[Stored data entries]
+ + + +

(* In the Chung–Lu random graph model with expected degree sequence $(d_1,\dots,d_n)$, let $s\neq t$ be vertices and $r\ge 1$ an integer. Then $$E[SP_r(s,t)]\ \ge\ p_{st}\left(\frac{S_2}{S}\right)^{r-1}\left(1-\frac{r(r+1)\,p_{\max}}{2}\cdot\frac{S}{S_2}\right).$$
   Context: Chung–Lu model: given $d_1,\dots,d_n>0$ with $S=\sum_{i=1}^n d_i$ and $\max_i d_i^2\le S$, the random undirected graph on $\{1,\dots,n\}$ contains each edge $\{i,j\}$ (including loops $i=j$) independently with probability $p_{ij}=d_id_j/S$. Notation: $S_2=\sum_{i=1}^n d_i^2$, $d_{\max}=\max_i d_i$, $p_{\max}=d_{\max}^2/S$. $SP_r(s,t)$ is the number of simple paths of length $r$ from $s$ to $t$, i.e. sequences $(s=b_0,b_1,\dots,b_{r-1},b_r=t)$ of pairwise distinct vertices with each $\{b_i,b_{i+1}\}$ an edge of the graph. *)

From HB Require Import structures.
From mathcomp Require Import all_boot all_order all_algebra.
Set Implicit Arguments. Unset Strict Implicit. Unset Printing Implicit Defensive.
Import Order.TTheory GRing.Theory Num.Theory.
Local Open Scope ring_scope.

Section ChungLu.
Variables (R : realFieldType) (n : nat) (d : 'I_n -> R).

Definition CL_S : R := \sum_(i < n) d i.
Definition CL_S2 : R := \sum_(i < n) d i ^+ 2.
(* d_max (the d_i are positive, so 0 is a harmless neutral element) *)
Definition CL_dmax : R := \big[Num.max/0]_(i < n) d i.
Definition CL_pmax : R := CL_dmax ^+ 2 / CL_S.
Definition CL_p (i j : 'I_n) : R := d i * d j / CL_S.

(* A graph on {0..n-1} (loops allowed) is encoded by its edge set: an
   unordered pair {i,j} is stored as the ordered pair (i,j) with i <= j. *)
Definition graph_valid (A : {set 'I_n * 'I_n}) : bool :=
  A \subset [set ij : 'I_n * 'I_n | (ij.1 <= ij.2)%N].

Definition is_edge (A : {set 'I_n * 'I_n}) (i j : 'I_n) : bool :=
  (if (i <= j)%N then (i, j) else (j, i)) \in A.

Definition CL_weight (A : {set 'I_n * 'I_n}) : R :=
  \prod_(ij : 'I_n * 'I_n | (ij.1 <= ij.2)%N)
     (if ij \in A then CL_p ij.1 ij.2 else 1 - CL_p ij.1 ij.2).

Definition SP (A : {set 'I_n * 'I_n}) (r : nat) (s t : 'I_n) : nat :=
  #|[set b : {ffun 'I_r.+1 -> 'I_n} |
      [&& injectiveb b, b ord0 == s, b ord_max == t &
          [forall i : 'I_r, is_edge A (b (inord i)) (b (inord i.+1))]]]|.

Definition E_SP (r : nat) (s t : 'I_n) : R :=
  \sum_(A : {set 'I_n * 'I_n} | graph_valid A) CL_weight A * (SP A r s t)%:R.

End ChungLu.

(* By linearity of expectation, E[SP_r(s,t)] is the sum over simple paths
   s = b_0, ..., b_r = t of the probability that all their edges are present;
   the edges of a simple path are distinct, hence independent, so this is
   prod_i p_{b_i b_(i+1)} = p_st S^-(r-1) prod_(0<i<r) d_(b_i)^2.  Hence
   E[SP_r(s,t)] = p_st S^-(r-1) W_(r-1)({s,t}), where W_m(X) sums
   prod_i d_(c_i)^2 over injective sequences c of length m avoiding X.
   Choosing the first vertex gives W_(m+1)(X) = sum_(v \notin X) d_v^2 W_m(X+v),
   and the vertices of X carry at most |X| d_max^2 of the mass S_2, so by
   induction S_2^m - (|X| m + C(m,2)) d_max^2 S_2^(m-1) <= W_m(X).  For |X| = 2
   and m = r - 1 the collision count is C(r+1,2) - 1. *)

From HB Require Import structures.
From mathcomp Require Import all_boot all_order all_algebra zify ring lra.
Set Implicit Arguments. Unset Strict Implicit. Unset Printing Implicit Defensive.
Import Order.TTheory GRing.Theory Num.Theory.
Local Open Scope ring_scope.

Section FinfunCons.
Variable T : finType.

Definition fcons m (v : T) (g : {ffun 'I_m -> T}) : {ffun 'I_m.+1 -> T} :=
  [ffun i => if unlift ord0 i is Some j then g j else v].

Lemma fcons0 m v (g : {ffun 'I_m -> T}) : fcons v g ord0 = v.
Proof. by rewrite ffunE unlift_none. Qed.

Lemma fconsS m v (g : {ffun 'I_m -> T}) j : fcons v g (lift ord0 j) = g j.
Proof. by rewrite ffunE liftK. Qed.

Lemma fcons_bij m : bijective (fun vg : T * {ffun 'I_m -> T} => fcons vg.1 vg.2).
Proof.
exists (fun c : {ffun 'I_m.+1 -> T} => (c ord0, [ffun j => c (lift ord0 j)])).
  by move=> [v g] /=; rewrite fcons0; congr (_, _); apply/ffunP => j; rewrite ffunE fconsS.
move=> c /=; apply/ffunP => i; case: (unliftP ord0 i) => [j ->|->].
  by rewrite fconsS ffunE.
by rewrite fcons0.
Qed.

Definition avoids (X : {set T}) m (c : {ffun 'I_m -> T}) := [forall i, c i \notin X].

Lemma injective_avoids_fcons m X v (g : {ffun 'I_m -> T}) :
  injectiveb (fcons v g) && avoids X (fcons v g) =
  (v \notin X) && (injectiveb g && avoids (v |: X) g).
Proof.
apply/andP/andP => [[/injectiveP inj_c /forallP avX]|
                    [vX /andP[/injectiveP inj_g /forallP avvX]]].
  split; first by have := avX ord0; rewrite fcons0.
  apply/andP; split.
    by apply/injectiveP => i j eq_ij; apply: (@lift_inj _ ord0); apply: inj_c; rewrite !fconsS.
  apply/forallP => j; rewrite !inE negb_or -(fconsS v) avX andbT.
  by apply: contra_neq (neq_lift ord0 j) => /esym; rewrite -{1}(fcons0 v g) => /inj_c.
split.
  apply/injectiveP => i i'.
  case: (unliftP ord0 i) => [j ->|->]; case: (unliftP ord0 i') => [j' ->|->];
    rewrite ?fconsS ?fcons0 //.
  - by move/inj_g ->.
  - by move=> gj; have := avvX j; rewrite gj !inE eqxx.
  - by move=> gj'; have := avvX j'; rewrite -gj' !inE eqxx.
apply/forallP => i; case: (unliftP ord0 i) => [j ->|->]; rewrite ?fconsS ?fcons0 //.
by have := avvX j; rewrite !inE negb_or => /andP[].
Qed.

End FinfunCons.

Section PathInterior.
Variables (T : finType) (s t : T).

Definition simple_path r (b : {ffun 'I_r.+1 -> T}) : bool :=
  [&& injectiveb b, b ord0 == s & b ord_max == t].

Variable k : nat.

Definition close_path (c : {ffun 'I_k -> T}) : {ffun 'I_k.+2 -> T} :=
  [ffun i => if unlift ord0 i is Some j then
               if unlift ord_max j is Some l then c l else t
             else s].

Definition interior (b : {ffun 'I_k.+2 -> T}) : {ffun 'I_k -> T} :=
  [ffun i => b (lift ord0 (lift ord_max i))].

Lemma lift0_max : lift ord0 (ord_max : 'I_k.+1) = ord_max.
Proof. exact: val_inj. Qed.

Lemma close_path0 c : close_path c ord0 = s.
Proof. by rewrite ffunE unlift_none. Qed.

Lemma close_path_max c : close_path c ord_max = t.
Proof. by rewrite -lift0_max ffunE liftK unlift_none. Qed.

Lemma close_path_lift c i : close_path c (lift ord0 (lift ord_max i)) = c i.
Proof. by rewrite ffunE !liftK. Qed.

Lemma interiorE b i : interior b i = b (inord i.+1).
Proof.
rewrite ffunE; congr (b _); apply: ord_inj.
by rewrite lift0 lift_max inordK // !ltnS ltnW.
Qed.

Lemma interiorK c : interior (close_path c) = c.
Proof. by apply/ffunP => i; rewrite ffunE close_path_lift. Qed.

Lemma close_pathK (b : {ffun 'I_k.+2 -> T}) :
  b ord0 = s -> b ord_max = t -> close_path (interior b) = b.
Proof.
move=> b0 bmax; apply/ffunP => i; rewrite ffunE.
case: (unliftP ord0 i) => [j ->|->] //; case: (unliftP ord_max j) => [l ->|->].
  by rewrite ffunE.
by rewrite lift0_max.
Qed.

Hypothesis neq_st : s != t.

Lemma simple_path_close_path c : simple_path (close_path c) = injectiveb c && avoids [set s; t] c.
Proof.
rewrite /simple_path close_path0 close_path_max !eqxx !andbT.
apply/injectiveP/andP => [inj_p|[/injectiveP inj_c /forallP avc]].
  split.
    apply/injectiveP => i j; rewrite -!(close_path_lift c) => /inj_p.
    by move/lift_inj/lift_inj.
  apply/forallP => i; rewrite !inE negb_or.
  rewrite -(close_path_lift c) -(close_path0 c) -(close_path_max c) -lift0_max.
  by rewrite !(inj_eq inj_p) ![_ == ord0]eq_sym neq_lift (inj_eq (@lift_inj _ _)) eq_sym neq_lift.
have avst l : (c l != s) && (c l != t) by have := avc l; rewrite !inE negb_or.
move=> i i'; rewrite !ffunE.
case: (unliftP ord0 i) => [j ->|->]; case: (unliftP ord0 i') => [j' ->|->] //;
  rewrite ?unlift_none ?liftK.
- case: (unliftP ord_max j) => [l ->|->]; case: (unliftP ord_max j') => [l' ->|->] //;
    rewrite ?unlift_none ?liftK.
  + by move/inj_c ->.
  + by move=> clt; have := avst l; rewrite clt eqxx andbF.
  + by move=> tcl; have := avst l'; rewrite -tcl eqxx andbF.
- case: (unliftP ord_max j) => [l ->|->]; rewrite ?unlift_none ?liftK.
    by move=> cls; have := avst l; rewrite cls eqxx.
  by move=> ts; move: neq_st; rewrite ts eqxx.
- case: (unliftP ord_max j') => [l ->|->]; rewrite ?unlift_none ?liftK.
    by move=> scl; have := avst l; rewrite -scl eqxx.
  by move=> st; move: neq_st; rewrite st eqxx.
Qed.

Lemma sum_simple_path_interior (R : nmodType) (F : {ffun 'I_k -> T} -> R) :
  \sum_(b : {ffun 'I_k.+2 -> T} | simple_path b) F (interior b) =
  \sum_(c : {ffun 'I_k -> T} | injectiveb c && avoids [set s; t] c) F c.
Proof.
rewrite (reindex_onto close_path interior); last first.
  by move=> b /and3P[_ /eqP b0 /eqP bmax]; apply: close_pathK.
apply: eq_big => [c|c _]; last by rewrite interiorK.
by rewrite simple_path_close_path interiorK eqxx andbT.
Qed.

End PathInterior.

Section IndependentEvents.
Variables (R : comRingType) (I : finType) (P : {set I}) (p : I -> R).

Lemma sum_independent_supset (F : {set I}) : F \subset P ->
  \sum_(A : {set I} | (A \subset P) && (F \subset A))
     \prod_(i in P) (if i \in A then p i else 1 - p i)
  = \prod_(i in F) p i.
Proof.
move=> /subsetP sFP.
(* Expanding prod_i (f i + g i) gives one term per set A: it vanishes unless
   F \subset A \subset P, and then it is the weight of A. *)
pose f i := if i \in P then p i else 0.
pose g i := if i \in P then (if i \in F then 0 else 1 - p i) else 1.
have prod_fg : \prod_i (f i + g i) = \prod_(i in F) p i.
  rewrite [RHS]big_mkcond; apply: eq_bigr => i _; rewrite /f /g.
  case: ifPn => [iP|iNP]; first by case: ifP; rewrite ?addr0 ?subrKC.
  by case: ifPn => [/sFP|]; rewrite ?(negbTE iNP) ?add0r.
rewrite -prod_fg bigA_distr [RHS](bigID (fun A : {set I} => (A \subset P) && (F \subset A))) /=.
rewrite [X in _ = _ + X]big1 ?addr0 => [|A /nandP notA].
  apply: eq_bigr => A /andP[/subsetP sAP /subsetP sFA].
  rewrite [RHS](bigID (mem P)) /= [X in _ = _ * X]big1 ?mulr1 => [|i iNP].
    apply: eq_bigr => i iP; rewrite /f /g iP.
    by case: ifPn => // iNA; case: ifPn => // /sFA; rewrite (negbTE iNA).
  by case: ifPn => [/sAP|]; rewrite /f /g (negbTE iNP).
have [i fgi0] : exists i, (if i \in A then f i else g i) = 0.
  case: notA => [/subsetPn[i iA iNP]|/subsetPn[i iF iNA]].
    by exists i; rewrite iA /f (negbTE iNP).
  by exists i; rewrite (negbTE iNA) /g sFP // iF.
by rewrite (bigD1 i) //= fgi0 mul0r.
Qed.

End IndependentEvents.

Lemma ler_mul_lower (R : realDomainType) (A S x L M : R) :
  0 <= x -> 0 <= M -> S - x <= A -> A <= S -> L <= M ->
  S * L - x * M <= A * L.
Proof.
move=> x_ge0 M_ge0 SxA AS LM; have [L_ge0|L_lt0] := leP 0 L.
  by have := ler_wpM2r L_ge0 SxA; have := ler_wpM2l x_ge0 LM; lra.
by have := ler_wnM2r (ltW L_lt0) AS; have := mulr_ge0 x_ge0 M_ge0; lra.
Qed.

Definition collisions (m x : nat) : nat := x * m + 'C(m, 2).

Lemma collisionsS m x : collisions m.+1 x = collisions m x.+1 + x.
Proof. rewrite /collisions binS bin1; lia. Qed.

Lemma collisions2_lt k : ((collisions k 2).*2 < k.+1 * (k.+1 + 1))%N.
Proof. have := mul_bin_diag k.+2 1; rewrite /collisions !binS !bin1 bin0; lia. Qed.

Section InjseqWeight.
Variables (R : realFieldType) (n : nat) (d : 'I_n -> R).

Local Notation S2 := (CL_S2 d).
Local Notation D := (CL_dmax d ^+ 2).

Definition injseq_weight m (X : {set 'I_n}) : R :=
  \sum_(c : {ffun 'I_m -> 'I_n} | injectiveb c && avoids X c) \prod_(i < m) d (c i) ^+ 2.

Lemma injseq_weight0 X : injseq_weight 0 X = 1.
Proof.
rewrite /injseq_weight (eq_bigl xpredT) => [|c]; last first.
  by apply/andP; split; [apply/injectiveP => -[] | apply/forallP => -[]].
by rewrite (eq_bigr (fun=> 1)) => [|c _]; rewrite ?big_ord0 // sumr_const card_ffun !card_ord.
Qed.

Lemma injseq_weightS m X :
  injseq_weight m.+1 X = \sum_(v | v \notin X) d v ^+ 2 * injseq_weight m (v |: X).
Proof.
rewrite /injseq_weight big_mkcond (reindex _ (onW_bij _ (@fcons_bij _ m))) /=.
rewrite -(pair_bigA _ (fun v g => if injectiveb (fcons v g) && avoids X (fcons v g)
   then \prod_(i < m.+1) d (fcons v g i) ^+ 2 else 0)) /=.
rewrite [RHS]big_mkcond; apply: eq_bigr => v _.
case: (boolP (v \in X)) => vX /=.
  by apply: big1 => g _; rewrite injective_avoids_fcons vX.
rewrite mulr_sumr [RHS]big_mkcond; apply: eq_bigr => g _.
rewrite injective_avoids_fcons vX /=; case: ifP => // _.
by rewrite big_ord_recl fcons0; congr (_ * _); apply: eq_bigr => i _; rewrite fconsS.
Qed.

Hypothesis d_gt0 : forall i, 0 < d i.

Lemma sqr_le_dmax i : d i ^+ 2 <= D.
Proof.
have d_le : d i <= CL_dmax d by rewrite /CL_dmax (bigD1 i) //= le_max lexx.
by rewrite ler_pXn2r ?nnegrE // (le_trans (ltW (d_gt0 i))).
Qed.

Lemma sum_sqr_notin_bounds (X : {set 'I_n}) :
  S2 - #|X|%:R * D <= \sum_(v | v \notin X) d v ^+ 2 <= S2.
Proof.
rewrite /CL_S2 (bigID (mem X)) /=.
have inX_ge0 : 0 <= \sum_(i in X) d i ^+ 2 by apply: sumr_ge0 => i _; apply: sqr_ge0.
have inX_le : \sum_(i in X) d i ^+ 2 <= #|X|%:R * D.
  by rewrite -sum1_card natr_sum mulr_suml; apply: ler_sum => i _; rewrite mul1r sqr_le_dmax.
by apply/andP; split; lra.
Qed.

+ + + +

*ACTIVITY*
What is the number of lines in the entries above that contain the word "forallP"? Answer with that number only.

*RESULT OF THE EXERCISE*
7